We made some waves last week when we highlighted remarks made by former US Attorney for the District of Columbia Joe diGenova regarding the current mood among career FBI investigators over FBI Director James Comey’s mishandling of the investigation into Hillary Clinton’s use of an unauthorized email server for government business.
According to diGenova (in an interview with WMAL radio in Washington DC) the agents he spoke to think Comey is “a hack” and is “a dirty cop.”
This is a big development. This means there are some great, traditional, honest people inside the FBI and DOJ who will not let this stand. They know that Comey is a dirty cop and they are disgusted. Inside the bureau I had a meeting today with a senior former FBI agent who told me this exact story. That people are starting to talk. They’re calling their former friends outside the bureau asking for help. We were asked, today, to provide legal representation for people inside the bureau and we agreed to do so. And, to former agents who want to come forward to talk.
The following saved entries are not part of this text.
(* Let $F\in k[[X,Y]]$ be $k$-distinguished of $Y$-degree $N\ge0$ and let $G\in k[[X,Y]]$ with $G(0,0)=0$. Then $\alpha(F,G)\subset\{0\}$ and $\beta(F,G)=0$.
   Context: Let $k$ be an algebraically closed field of characteristic zero, $R=k((X))[Y]$, and $R^{\natural}$ the set of monic irreducible polynomials of positive degree in $Y$ over $k((X))$. An element $F\in R$ is $k$-distinguished if it is of the form $F=F_0Y^N+\sum_{i<N}a_i(X)Y^i$ with $0\ne F_0\in k$ and each $a_i\in k((X))$ of positive $X$-order; such $F$ lies in $k[[X,Y]]$. Write $F=F_0\prod_{j=1}^{\chi(F)}F_j$ with $F_j\in R^{\natural}$. For nonzero $H\in R$ and $G\in R$ (with $M=\deg_YG$) the intersection multiplicity is $\mathrm{int}(H,G)=M\,\mathrm{ord}_XH_0+\frac1\nu\sum_i\mathrm{ord}_XG(X^\nu,z_i(X))$, where $H_0$ is the leading $Y$-coefficient of $H$ and $H(X^\nu,Y)=H_0(X^\nu)\prod_i(Y-z_i(X))$ with $z_i\in k((X))$ for a suitable integer $\nu>0$ ($\mathrm{ord}_X0=\infty$; for $G=0$, $\mathrm{int}(H,0)$ is $0$ if $H\in k((X))$ and $\infty$ otherwise). For $\Phi\in R^{\natural}$, $\mathrm{res}(\Phi,G)$ is the unique $\lambda\in k$ with $\mathrm{int}(\Phi,G-\lambda)>0$ if $\mathrm{int}(\Phi,G)\ge0$, and $\infty$ otherwise. For $\lambda\in k$: $\alpha_\lambda(F,G)=\{j:\mathrm{res}(F_j,G)=\lambda\}$, $\beta_\lambda(F,G)=\sum_{j\in\alpha_\lambda(F,G)}\mathrm{int}(F_j,G-\lambda)$, $\alpha(F,G)=\{\lambda\in k:\alpha_\lambda(F,G)\ne\emptyset\}$, $\beta(F,G)=\sum_{0\ne\lambda\in\alpha(F,G)}\beta_\lambda(F,G)$. *)

From HB Require Import structures.
From mathcomp Require Import boolp.
From mathcomp Require Import all_boot all_order all_algebra.
From mathcomp Require Import zify.

Set Implicit Arguments.
Unset Strict Implicit.
Unset Printing Implicit Defensive.

Import Order.TTheory GRing.Theory Num.Theory.
Local Open Scope ring_scope.

Section PowerSeries.
Variable K : idomainType.

Record ps := PS { psc : nat -> K }.

HB.instance Definition _ := [isNew for psc].
HB.instance Definition _ := [Choice of ps by <:].

Lemma psP (a b : ps) : (forall n, psc a n = psc b n) -> a = b.
Proof.
by case: a b => [a] [b] /= h; congr PS; apply: functional_extensionality_dep.
Qed.

Definition ps0 := PS (fun _ => 0).
Definition ps1 := PS (fun n => (n == 0%N)%:R).
Definition psadd (a b : ps) := PS (fun n => psc a n + psc b n).
Definition psopp (a : ps) := PS (fun n => - psc a n).
Definition psmul (a b : ps) :=
  PS (fun n => \sum_(j < n.+1) psc a j * psc b (n - j)).

Lemma psaddA : associative psadd.
Proof. by move=> a b c; apply: psP => n /=; rewrite addrA. Qed.
Lemma psaddC : commutative psadd.
Proof. by move=> a b; apply: psP => n /=; rewrite addrC. Qed.
Lemma psadd0 : left_id ps0 psadd.
Proof. by move=> a; apply: psP => n /=; rewrite add0r. Qed.
Lemma psaddN : left_inverse ps0 psopp psadd.
Proof. by move=> a; apply: psP => n /=; rewrite addNr. Qed.

HB.instance Definition _ := GRing.isZmodule.Build ps psaddA psaddC psadd0 psaddN.

Definition pstrunc n (a : ps) : {poly K} := \poly_(i < n.+1) psc a i.

Lemma pstruncE n (a : ps) i : (i <= n)%N -> (pstrunc n a)`_i = psc a i.
Proof. by move=> hi; rewrite coef_poly ltnS hi. Qed.

Lemma coefM_low (p q r : {poly K}) n :
  (forall i, (i <= n)%N -> q`_i = r`_i) -> (p * q)`_n = (p * r)`_n.
Proof.
move=> h; rewrite !coefM; apply: eq_bigr => j _; rewrite h //.
exact: leq_subr.
Qed.

Lemma psmulE (a b : ps) n i : (i <= n)%N ->
  psc (psmul a b) i = (pstrunc n a * pstrunc n b)`_i.
Proof.
move=> hi; rewrite coefM /=; apply: eq_bigr => j _.
have hj : (j <= n)%N by rewrite -ltnS (leq_trans (ltn_ord j)).
by rewrite !pstruncE // (leq_trans (leq_subr _ _)).
Qed.

Lemma psmulA : associative psmul.
Proof.
move=> a b c; apply: psP => n.
rewrite (psmulE _ _ (leqnn n)) (psmulE _ _ (leqnn n)).
have -> : (pstrunc n a * pstrunc n (psmul b c))`_n =
          (pstrunc n a * (pstrunc n b * pstrunc n c))`_n.
  by apply: coefM_low => i hi; rewrite pstruncE // (psmulE _ _ hi).
have -> : (pstrunc n (psmul a b) * pstrunc n c)`_n =
          (pstrunc n c * (pstrunc n a * pstrunc n b))`_n.
  rewrite mulrC; apply: coefM_low => i hi.
  by rewrite pstruncE // (psmulE _ _ hi).
by rewrite mulrA (mulrC (pstrunc n c)).
Qed.

Lemma psmulC : commutative psmul.
Proof.
by move=> a b; apply: psP => n; rewrite !(psmulE _ _ (leqnn n)) mulrC.
Qed.

Lemma pstrunc1 n : pstrunc n ps1 = 1.
Proof.
apply/polyP => i; rewrite coef_poly coefC /=.
by case: i => [|i] //=; case: ifP.
Qed.

Lemma psmul1 : left_id ps1 psmul.
Proof.
by move=> a; apply: psP => n; rewrite (psmulE _ _ (leqnn n)) pstrunc1 mul1r
   pstruncE.
Qed.

Lemma pstruncD n (a b : ps) : pstrunc n (psadd a b) = pstrunc n a + pstrunc n b.
Proof. by apply/polyP => i; rewrite coefD !coef_poly; case: ifP; rewrite ?addr0. Qed.

Lemma psmulDl : left_distributive psmul psadd.
Proof.
move=> a b c; apply: psP => n.
rewrite [LHS](psmulE _ _ (leqnn n)) pstruncD mulrDl coefD.
by rewrite -!(psmulE _ _ (leqnn n)).
Qed.

Lemma ps1_neq0 : ps1 != 0.
Proof.
apply/eqP => /(congr1 (fun a => psc a 0)) /= /eqP; by rewrite oner_eq0.
Qed.

HB.instance Definition _ :=
  GRing.Zmodule_isComNzRing.Build ps psmulA psmulC psmul1 psmulDl ps1_neq0.

Definition psunit : {pred ps} := fun x => `[< exists y : ps, y * x = 1 >].
Definition psinv (x : ps) : ps :=
  match pselect (exists y : ps, y * x = 1) with
  | left h => proj1_sig (cid h)
  | right _ => x
  end.

Lemma psmulV : {in psunit, left_inverse 1 psinv *%R}.
Proof.
move=> x; rewrite /psunit /psinv; case: pselect => [h _|h].
  by case: (cid h).
by rewrite unfold_in asboolF.
Qed.

Lemma psunitPl (x y : ps) : y * x = 1 -> psunit x.
Proof. by move=> h; apply: asboolT; exists y. Qed.

Lemma psinv_out : {in [predC psunit], psinv =1 id}.
Proof.
move=> x; rewrite inE /psinv; case: pselect => // h.
by rewrite /psunit unfold_in asboolT.
Qed.

HB.instance Definition _ :=
  GRing.ComNzRing_hasMulInverse.Build ps psmulV psunitPl psinv_out.

Lemma ps_min_nz (x : ps) : x != 0 ->
  exists m, psc x m != 0 /\ forall i, (i < m)%N -> psc x i = 0.
Proof.
move=> hx.
have ex : exists n, psc x n != 0.
  apply: contrapT => h; move/eqP: hx => hx; apply: hx; apply: psP => n /=.
  by apply/eqP; apply: contrapT => hn; apply: h; exists n; apply/negP.
case: (ex_minnP ex) => m hm hmin; exists m; split => // i him.
by apply/eqP; apply: contraTT him => hi; rewrite -leqNgt hmin.
Qed.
Comey thought this was going to go away. It is not. People inside the are furious. They are embarrassed. They feel they are being led by a hack. But, more than that, they think he’s a crook. They think he’s fundamentally dishonest. They have no confidence in him. The bureau, inside, right now… is a mess.
More agents are now coming forward and telling their stories.
Kerry Pickett at the Daily Caller has a couple of sources who detail everything that went wrong with Comey’s investigation:
“This is a textbook case where a grand jury should have been convened, but was not. That is appalling. We talk about it in the office and don’t know how Comey can keep going.
We didn’t search their house. We always search the house. The search should not just have been for private electronics, which contained classified material, but even for printouts of such material.
There should have been a complete search of their residence. That the FBI did not seize devices is unbelievable. The FBI even seizes devices that have been set on fire.”
Pickett also spoke with another special agent who she describes as someone who “worked counter-terrorism and criminal cases.”
“Comey was never an investigator or special agent. The special agents are trained investigators and they are insulted that Comey included them in ‘collective we’ statements in his testimony to imply that the SAs agreed that there was nothing there to prosecute,” the second agent said. “All the trained investigators agree that there is a lot to prosecuted but he stood in the way.”
He added, “The idea that [the Clinton/e-mail case] didn’t go to a grand jury is ridiculous.”
So between these two agents, and the agents who spoke to diGenova, there appears to be a growing lack of confidence within the FBI in the integrity and even competence of the man who occupies the same office of J. Edgar Hoover.
At what point does congress, using their oversight role, issue subpoenas and get these agents under oath and on the record to help save the image and reputation of their historic agency?